The invention relates to the field of ultrasonic motor control, in particular to a method for controlling the amplitude and phase of a space phase-modulated annular traveling wave ultrasonic motor.

Background technique

The ring traveling wave ultrasonic motor is a kind of ultrasonic motor that is widely used at present. The essence of its control is to change the amplitude, speed and particle ellipse trajectory of the traveling wave. The corresponding three basic control quantities are voltage amplitude, frequency and time phase. Difference. The control characteristics corresponding to the three basic control quantities are different, and each has its own advantages and disadvantages. The commonly used control scheme is to combine the three control methods of voltage, frequency and phase. On the basis of , the phase is used to realize the servo output control. However, because it corresponds to control quantities of different dimensions, it is difficult to apply three control methods at the same time point, so it is difficult to realize the combination of three or more control characteristics.

Contents of the invention

The purpose of the present invention is to solve the above problems, and provide a control scheme for an annular traveling wave ultrasonic motor that can realize spatial amplitude and phase control.

The present invention adopts following technical scheme:

A method for controlling the amplitude and phase of a space phase-modulated annular traveling-wave ultrasonic motor. The piezoelectric ceramics of the ultrasonic motor include piezoelectric ceramics in area A and piezoelectric ceramics in area B, and the space difference between the piezoelectric ceramics in area A and the piezoelectric ceramics in area B is 1/4 One-line wave wavelength, piezoelectric ceramics in zone A and piezoelectric ceramics in zone B adopt the piezoelectric sheet polarization division of a quarter of the traveling wave wavelength, and along the clockwise direction, the polarization direction of the piezoelectric ceramic polarization division in each zone They are all arranged in sequence according to "++--"; the piezoelectric ceramics are excited by power supply 1, power supply 2, power supply 3, and power supply 4, and power supply 1 and power supply 2 act on each pole of piezoelectric ceramics in area A in a clockwise direction.
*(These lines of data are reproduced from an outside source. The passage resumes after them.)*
(* Let $(\Omega,\Sigma,\mu)$ be a measure space with $\mu(\Omega)=1$, let $p\ge 1$, let $\chi\in\mathcal W^+_p$, and let $\{\chi_k\}_{k\in\mathbb N}$ be a sequence of normalized Young weights converging to $\chi$ uniformly on compact subsets of $\mathbb R$. Let $f$ be a bounded $\mu$-measurable function. Then $f\in L^\chi(\mu)$ and $f\in L^{\chi_k}(\mu)$ for all $k$, and $$\lim_{k\to\infty}\|f\|_{\chi_k,\mu}=\|f\|_{\chi,\mu}.$$
   Context: A normalized Young weight is a function $\chi:\mathbb R\to[0,\infty]$ that is convex, even, lower semicontinuous, with $\chi(0)=0$ and $1\in\partial\chi(1)$ (here $\partial\chi(l)$ is the set of subgradients of $\chi$ at $l$). For $p\ge1$, $\mathcal W^+_p$ denotes the set of finite-valued normalized Young weights satisfying $l\,\chi'(l)\le p\,\chi(l)$ for all $l>0$ and every subgradient $\chi'(l)\in\partial\chi(l)$. For a normalized Young weight $\chi$, $L^\chi(\mu)$ is the set of measurable $f:\Omega\to[-\infty,\infty]$ such that $\int_\Omega\chi(rf)\,d\mu<\infty$ for some $r>0$, with the norm $\|f\|_{\chi,\mu}=\inf\{r>0:\int_\Omega\chi(f/r)\,d\mu\le\chi(1)\}$. *)

From HB Require Import structures.
From mathcomp Require Import all_boot all_order all_algebra.
From mathcomp Require Import all_classical all_reals all_analysis.
Set Implicit Arguments. Unset Strict Implicit. Unset Printing Implicit Defensive.
Import Order.TTheory GRing.Theory Num.Theory.
Import numFieldNormedType.Exports.
Local Open Scope classical_set_scope.
Local Open Scope ring_scope.
Local Open Scope ereal_scope.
Power supply 3 and power supply 4 act on the polarization partitions of piezoelectric ceramics in area B at intervals clockwise, power supply 1 and power supply 2 have the same time phase, power supply 3 and power supply 4 have the same time phase, power supply 3 and power supply The time phase of four is π/2 different from power supply 1 and power supply 2, power supply 1 and power supply 4 have the same voltage amplitude a, power supply 2 and power supply 3 have the same voltage amplitude b, and voltage amplitude b is the control value, adjust The range is [-1,1], the voltage amplitude a is the associated control quantity and changes with the voltage amplitude b according to the functional relationship.

Further, the voltage amplitude a and the voltage amplitude b satisfy a ^m +|b| ^m =1 (m>0, m≠2), realizing a ^m +|b| ^m =1 (m>0, m≠2 ) amplitude and phase control.

Further, the voltage amplitude a satisfies a=1, realizing a=1 amplitude and phase control. Within the adjustment range of the control voltage amplitude b, as |b| increases, the motor speed increases monotonously.

Further, when the voltage amplitude a maintains a positive value, the rotation direction of the motor is changed by switching the voltage amplitude b between positive and negative.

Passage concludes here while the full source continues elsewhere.